## AIM OF THE EXERCISE
In the entries below, find the line with "move=> aS cS" and print exactly every line from there up to and including the line with "apply/idP/idP => [/(component_notin", with no other lines.
══════════════════════════════
Definition connected_graph (n : nat) (e : rel 'I_n) : Prop :=
  forall x y : 'I_n, connect e x y.

Definition acyclic_graph (n : nat) (e : rel 'I_n) : Prop :=
  forall c : seq 'I_n, uniq c -> (2 < size c)%N -> ~~ cycle e c.

Definition is_tree (n : nat) (e : rel 'I_n) : Prop :=
  connected_graph e /\ acyclic_graph e.

Definition deg (n : nat) (e : rel 'I_n) (v : 'I_n) : nat := #|[set w | e v w]|.

Definition in_S (R : realType) (n : nat) (e : rel 'I_n) (A : 'M[R]_n) : Prop :=
  A^T = A /\ (forall i j : 'I_n, i != j -> (A i j != 0) = e i j).

Definition SSP (R : realType) (n : nat) (A : 'M[R]_n) : Prop :=
  forall X : 'M[R]_n, X^T = X ->
    map2_mx (fun a x => a * x) A X = 0 ->
    map2_mx (fun a x => a * x) (1%:M : 'M[R]_n) X = 0 ->
    A *m X - X *m A = 0 ->
    X = 0.

Definition in_G_SSP (R : realType) (n : nat) (e : rel 'I_n) : Prop :=
  forall A : 'M[R]_n, in_S e A -> SSP A.

From HB Require Import structures.
From mathcomp Require Import all_boot all_order all_algebra.
From mathcomp Require Import reals zify.
Set Implicit Arguments. Unset Strict Implicit. Unset Printing Implicit Defensive.
Import Order.TTheory GRing.Theory Num.Theory.

Local Open Scope ring_scope.

(* Fix a set S of vertices of a simple graph G and let A be the adjacency
   matrix of G minus the diagonal matrix of the degrees in G - S; A is in
   S(G). It maps the indicator vector of a connected component C of G - S to
   the vector that counts, at each s in S, the edges from s into C. So if a, b,
   c, d lie in four distinct components of G - S, the components of a and b
   (and those of c and d) being attached to S in the same way, then
   x = 1_{C_a} - 1_{C_b} and y = 1_{C_c} - 1_{C_d} lie in the kernel of A, and
   X = x y^T + y x^T is a nonzero symmetric matrix commuting with A that
   vanishes on the diagonal and on the edges, so A does not have the SSP.
   In a forest each branch at a vertex w hangs from w by a single edge; take
   S = {v} and four branches at a vertex v of degree at least 4, or S = {u, v}
   and, at each of u and v, two branches avoiding the other vertex (a vertex
   of degree at least 3 has at most one branch containing the other). *)

Lemma sumr_nat_indicator (R : pzSemiRingType) (T : finType) (P : pred T) :
  \sum_i (P i)%:R = #|[set i | P i]|%:R :> R.
Proof.
rewrite -sum1_card natr_sum [RHS]big_mkcond /=.
by apply: eq_bigr => i _; rewrite inE; case: (P i).
Qed.

Lemma not_SSP_of_kernel_pair (R : realType) (n : nat) (A : 'M[R]_n)
    (x y : 'cV[R]_n) :
  A^T = A -> A *m x = 0 -> A *m y = 0 ->
  (forall i j, (i == j) || (A i j != 0) -> x i 0 * y j 0 = 0) ->
  x *m y^T + y *m x^T != 0 -> ~ SSP A.
Proof.
move=> A_sym Ax Ay xy0 /eqP X_neq0 A_SSP; apply: X_neq0.
set X := x *m y^T + y *m x^T.
have X0 i j : (i == j) || (A i j != 0) -> X i j = 0.
  have Aji : A j i = A i j by rewrite -[in LHS]A_sym mxE.
  move=> ij; rewrite !mxE !big_ord1 !mxE xy0 // mulrC xy0 ?addr0 //.
  by rewrite eq_sym Aji.
have xTA : x^T *m A = 0 by rewrite -A_sym -trmx_mul Ax trmx0.
have yTA : y^T *m A = 0 by rewrite -A_sym -trmx_mul Ay trmx0.
apply: A_SSP.
- by rewrite raddfD /= !trmx_mul !trmxK addrC.
- apply/matrixP => i j; rewrite [LHS]mxE [RHS]mxE.
  have [/X0 -> | ] := boolP ((i == j) || (A i j != 0)); first by rewrite mulr0.
  by rewrite negb_or negbK => /andP [_ /eqP ->]; rewrite mul0r.
- apply/matrixP => i j; rewrite [LHS]mxE [RHS]mxE.
  have [-> | ij] := eqVneq i j; first by rewrite X0 ?eqxx ?mulr0.
  by rewrite mxE (negbTE ij) mulr0n mul0r.
- rewrite /X mulmxDr mulmxDl !mulmxA Ax Ay -!mulmxA xTA yTA.
  by rewrite !mul0mx !mulmx0 !addr0 subrr.
Qed.

Section Components.
Variables (n : nat) (e : rel 'I_n).
Hypothesis e_sym : symmetric e.
Implicit Types (S : {set 'I_n}) (a b c i j k s w : 'I_n).

Definition del_vertices S : rel 'I_n :=
  [rel x y | [&& e x y, x \notin S & y \notin S]].

Definition component S a : pred 'I_n := connect (del_vertices S) a.

Definition attach S a s : nat := #|[set j | e s j & component S a j]|.

Lemma del_vertices_sym S : symmetric (del_vertices S).
Proof.
by move=> x y; rewrite /del_vertices /= e_sym; congr (_ && _); apply: andbC.
Qed.

Lemma component_refl S a : component S a a.
Proof. exact: connect0. Qed.

Lemma component_sym S a b : component S a b = component S b a.
Proof. exact/sym_connect_sym/del_vertices_sym. Qed.

Lemma component_notin S a k : a \notin S -> component S a k -> k \notin S.
Proof.
move=> aS /connectP [p + ->]; elim: p a aS => //= y p IHp a _.
by case/andP => /and3P [_ _ yS]; apply: IHp.
Qed.

Lemma component_step S a j k :
  component S a j -> e j k -> j \notin S -> k \notin S -> component S a k.
Proof.
move=> aj ejk jS kS; apply: connect_trans aj (connect1 _).
by rewrite /del_vertices /= ejk jS.
Qed.

Lemma component_subset S S' a k :
  S' \subset S -> component S a k -> component S' a k.
Proof.
move=> sub; apply: connect_sub => x y /and3P [exy xS yS]; apply: connect1.
by rewrite /del_vertices /= exy !(contra (subsetP sub _)).
Qed.

Lemma component_join S a c i j :
  a \notin S -> c \notin S -> component S a i -> component S c j ->
  (i == j) || e i j -> component S a c.
Proof.
move=> aS cS ai cj ij; apply: connect_trans (_ : component S j c); last first.
  by rewrite component_sym.
case/orP: ij => [/eqP <- // | eij].
by apply: component_step ai eij (component_notin aS ai) (component_notin cS cj).
Qed.

Lemma attach_component S a c : component S a c -> attach S a =1 attach S c.
Proof.
move=> ac s; apply: eq_card => j; rewrite !inE /component.
by rewrite (same_connect (sym_connect_sym (del_vertices_sym S)) ac).
Qed.

Lemma nbrs_in_component S a k : a \notin S -> component S a k ->
  [set j | e k j & component S a j] = [set j | e k j & j \notin S].
Proof.
move=> aS ak; apply/setP => j; rewrite !inE; apply: andb_id2l => ekj.
apply/idP/idP => [/(component_notin aS) // | jS].
exact: component_step ak ekj (component_notin aS ak) jS.
Qed.

Lemma attach_notin S a k :
  a \notin S -> k \notin S -> ~~ component S a k -> attach S a k = 0%N.
Proof.
move=> aS kS nak; apply/eqP; rewrite cards_eq0; apply/eqP/setP => j.
rewrite !inE; apply/negbTE; apply: contra nak => /andP [ekj aj].
by apply: component_step aj _ (component_notin aS aj) kS; rewrite e_sym.
Qed.

Variable R : realType.

Definition adj_deg_mx S : 'M[R]_n :=
  \matrix_(i, j) ((e i j)%:R - (i == j)%:R * #|[set k | e i k & k \notin S]|%:R).

Definition component_vec S a : 'cV[R]_n := \col_k (component S a k)%:R.

Lemma adj_deg_mx_in_S S : in_S e (adj_deg_mx S).
Proof.
split=> [|i j ij]; last first.
  by rewrite mxE (negbTE ij) mul0r subr0 pnatr_eq0 eqb0 negbK.
apply/matrixP => i j; rewrite !mxE e_sym eq_sym.
by have [-> | _] := eqVneq j i; rewrite ?mul0r.
Qed.

Lemma adj_deg_mx_component S a : a \notin S ->
  adj_deg_mx S *m component_vec S a = \col_k ((k \in S)%:R * (attach S a k)%:R).
Proof.
move=> aS; apply/matrixP => k i0; rewrite !mxE.
under eq_bigr => j _ do rewrite !mxE mulrBl -mulrA -[X in X - _]natrM mulnb.
rewrite sumrB sumr_nat_indicator (bigD1 k) //= eqxx mul1r big1 ?addr0;
  last by move=> j; rewrite eq_sym => /negbTE ->; rewrite mul0r.
rewrite -/(attach S a k).
have [ak | nak] := boolP (component S a k).
  rewrite (negbTE (component_notin aS ak)) /attach nbrs_in_component //.
  by rewrite mulr1 mul0r subrr.
rewrite mulr0 subr0; have [kS | kS] := boolP (k \in S); first by rewrite mul1r.
by rewrite attach_notin // mulr0.
Qed.

Lemma adj_deg_mx_component_sub S a b :
  a \notin S -> b \notin S -> {in S, attach S a =1 attach S b} ->
  adj_deg_mx S *m (component_vec S a - component_vec S b) = 0.
Proof.
move=> aS bS attach_ab; rewrite mulmxBr !adj_deg_mx_component //.
apply/matrixP => k i0; rewrite !mxE.
by have [/attach_ab -> | _] := boolP (k \in S); rewrite ?mul0r subrr.
Qed.

Lemma not_in_G_SSP_of_components S a b c d :
  [/\ a \notin S, b \notin S, c \notin S & d \notin S] ->
  ~~ component S a b -> ~~ component S c d ->
  [/\ ~~ component S a c, ~~ component S a d,
      ~~ component S b c & ~~ component S b d] ->
  {in S, attach S a =1 attach S b} -> {in S, attach S c =1 attach S d} ->
  ~ in_G_SSP R e.
Proof.
move=> [aS bS cS dS] nab ncd [nac nad nbc nbd] attach_ab attach_cd G_SSP.
have [A_sym A_pattern] := adj_deg_mx_in_S S.
have apart p q i j : p \notin S -> q \notin S -> ~~ component S p q ->
    (i == j) || e i j -> component S p i && component S q j = false.
  move=> pS qS npq ij; apply/negbTE; apply: contra npq => /andP [pi qj].
  exact: component_join pS qS pi qj ij.
set x := component_vec S a - component_vec S b.
set y := component_vec S c - component_vec S d.
apply: (@not_SSP_of_kernel_pair _ _ (adj_deg_mx S) x y).
- exact: A_sym.
- exact: adj_deg_mx_component_sub.
- exact: adj_deg_mx_component_sub.
- move=> i j ij; have {}ij : (i == j) || e i j.
    by case: eqVneq ij => //= ij; rewrite A_pattern.
  rewrite !mxE mulrBl !mulrBr -!natrM !mulnb !apart //.
  by rewrite !subrr.
- apply/eqP => /matrixP /(_ a c); rewrite !mxE !big_ord1 !mxE.
  rewrite !component_refl (component_sym S b a) (component_sym S d c).
  rewrite (component_sym S c a) (component_sym S d a).
  rewrite (negbTE nab) (negbTE ncd) (negbTE nac) (negbTE nad) /=.
  by rewrite subr0 mulr1 subrr mul0r addr0 => /eqP; rewrite oner_eq0.
- exact: G_SSP.
Qed.
(* Removing [v] and [w] shrinks every component that meets them. *)
Lemma small_comps_setD2 w :
  (forall z, v \notin comp_in F X z -> w \notin comp_in F X z -> #|comp_in F X z| <= k) ->
  small_comps F (X :\ v :\ w) k.
Proof.
move=> small_rest; apply/forallP=> z.
have sub : X :\ v :\ w \subset X by rewrite setDDl subsetDl.
have lt_rest u : u \in [set v; w] -> u \in comp_in F X z -> #|comp_in F (X :\ v :\ w) z| <= k.
  move=> uvw uz; rewrite -ltnS; apply: leq_trans (forallP small_X z).
  by apply: card_comp_in_setD sub uz _; rewrite setDDl inE uvw.
case: (boolP (v \in comp_in F X z)) => [|vz]; first by apply: lt_rest; rewrite !inE eqxx.
case: (boolP (w \in comp_in F X z)) => [|wz]; first by apply: lt_rest; rewrite !inE eqxx orbT.
by apply: leq_trans (small_rest z vz wz); apply/subset_leq_card/subset_comp_in.
Qed.

Lemma partnersP w : w \in X -> ~~ connect (adj F) v w ->
  (forall z, v \notin comp_in F X z -> w \notin comp_in F X z -> #|comp_in F X z| <= k) ->
  w \in partners.
Proof.
move=> wX nvw small_rest; rewrite inE wX nvw small_comps_setD2 // !andbT.
by apply: contraNneq nvw => ->; apply: connect0.
Qed.

(* A full component avoiding [v] leaves too little room for another full one. *)
Lemma full_comp_sub_partners x : x \in X -> ~~ connect (adj F) v x ->
  #|comp_in F X x| = k.+1 -> comp_in F X x \subset partners.
Proof.
move=> xX nvx full_x; apply/subsetP=> w wx.
have [wX cxw] : w \in X /\ connect (adj F) x w by move: wx; rewrite inE => /andP[].
have nvw : ~~ connect (adj F) v w.
  by apply: contra nvx => cvw; apply: connect_trans cvw _; rewrite connect_adj_sym.
apply: partnersP => // z vz wz.
have nzv : ~~ connect (adj F) z v by apply: contra vz => czv; rewrite inE vX.
have nzx : ~~ connect (adj F) z x.
  by apply: contra wz => czx; rewrite inE wX (connect_trans czx cxw).
have three : #|comp_in F X z :|: comp_in F X v :|: comp_in F X x| <= k.+1.*2.
  by rewrite -card_X; apply/subset_leq_card; rewrite !subUset !comp_in_sub.
rewrite !cardsU (disjoint_setI0 (disjoint_comp_in X nzv)) setIUl in three.
rewrite (disjoint_setI0 (disjoint_comp_in X nzx)) in three.
rewrite (disjoint_setI0 (disjoint_comp_in X nvx)) setU0 !cards0 !subn0 in three.
have : 0 < #|comp_in F X v| by apply/card_gt0P; exists v; apply: comp_in_self.
by lia.
Qed.

Lemma setD_comp_sub_partners :
  (forall y, y \in X -> ~~ connect (adj F) v y -> #|comp_in F X y| <= k) ->
  X :\: comp_in F X v \subset partners.
Proof.
move=> small_y; apply/subsetP=> w; rewrite in_setD => /andP[nvw wX].
rewrite inE wX /= in nvw; apply: partnersP => // z vz _.
have [->|[y yz]] := set_0Vmem (comp_in F X z); first by rewrite cards0.
have [yX czy] : y \in X /\ connect (adj F) z y by move: yz; rewrite inE => /andP[].
rewrite (eq_comp_in X czy); apply: small_y yX _.
apply: contra vz => cvy; rewrite inE vX /=.
by apply: connect_trans czy _; rewrite connect_adj_sym.
Qed.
══════════════════════════════
## RESPONSE FOR THIS EXERCISE
move=> aS cS ai cj ij; apply: connect_trans (_ : component S j c); last first.
  by rewrite component_sym.
case/orP: ij => [/eqP <- // | eij].
by apply: component_step ai eij (component_notin aS ai) (component_notin cS cj).
Qed.

Lemma attach_component S a c : component S a c -> attach S a =1 attach S c.
Proof.
move=> ac s; apply: eq_card => j; rewrite !inE /component.
by rewrite (same_connect (sym_connect_sym (del_vertices_sym S)) ac).
Qed.

Lemma nbrs_in_component S a k : a \notin S -> component S a k ->
  [set j | e k j & component S a j] = [set j | e k j & j \notin S].
Proof.
move=> aS ak; apply/setP => j; rewrite !inE; apply: andb_id2l => ekj.
apply/idP/idP => [/(component_notin aS) // | jS].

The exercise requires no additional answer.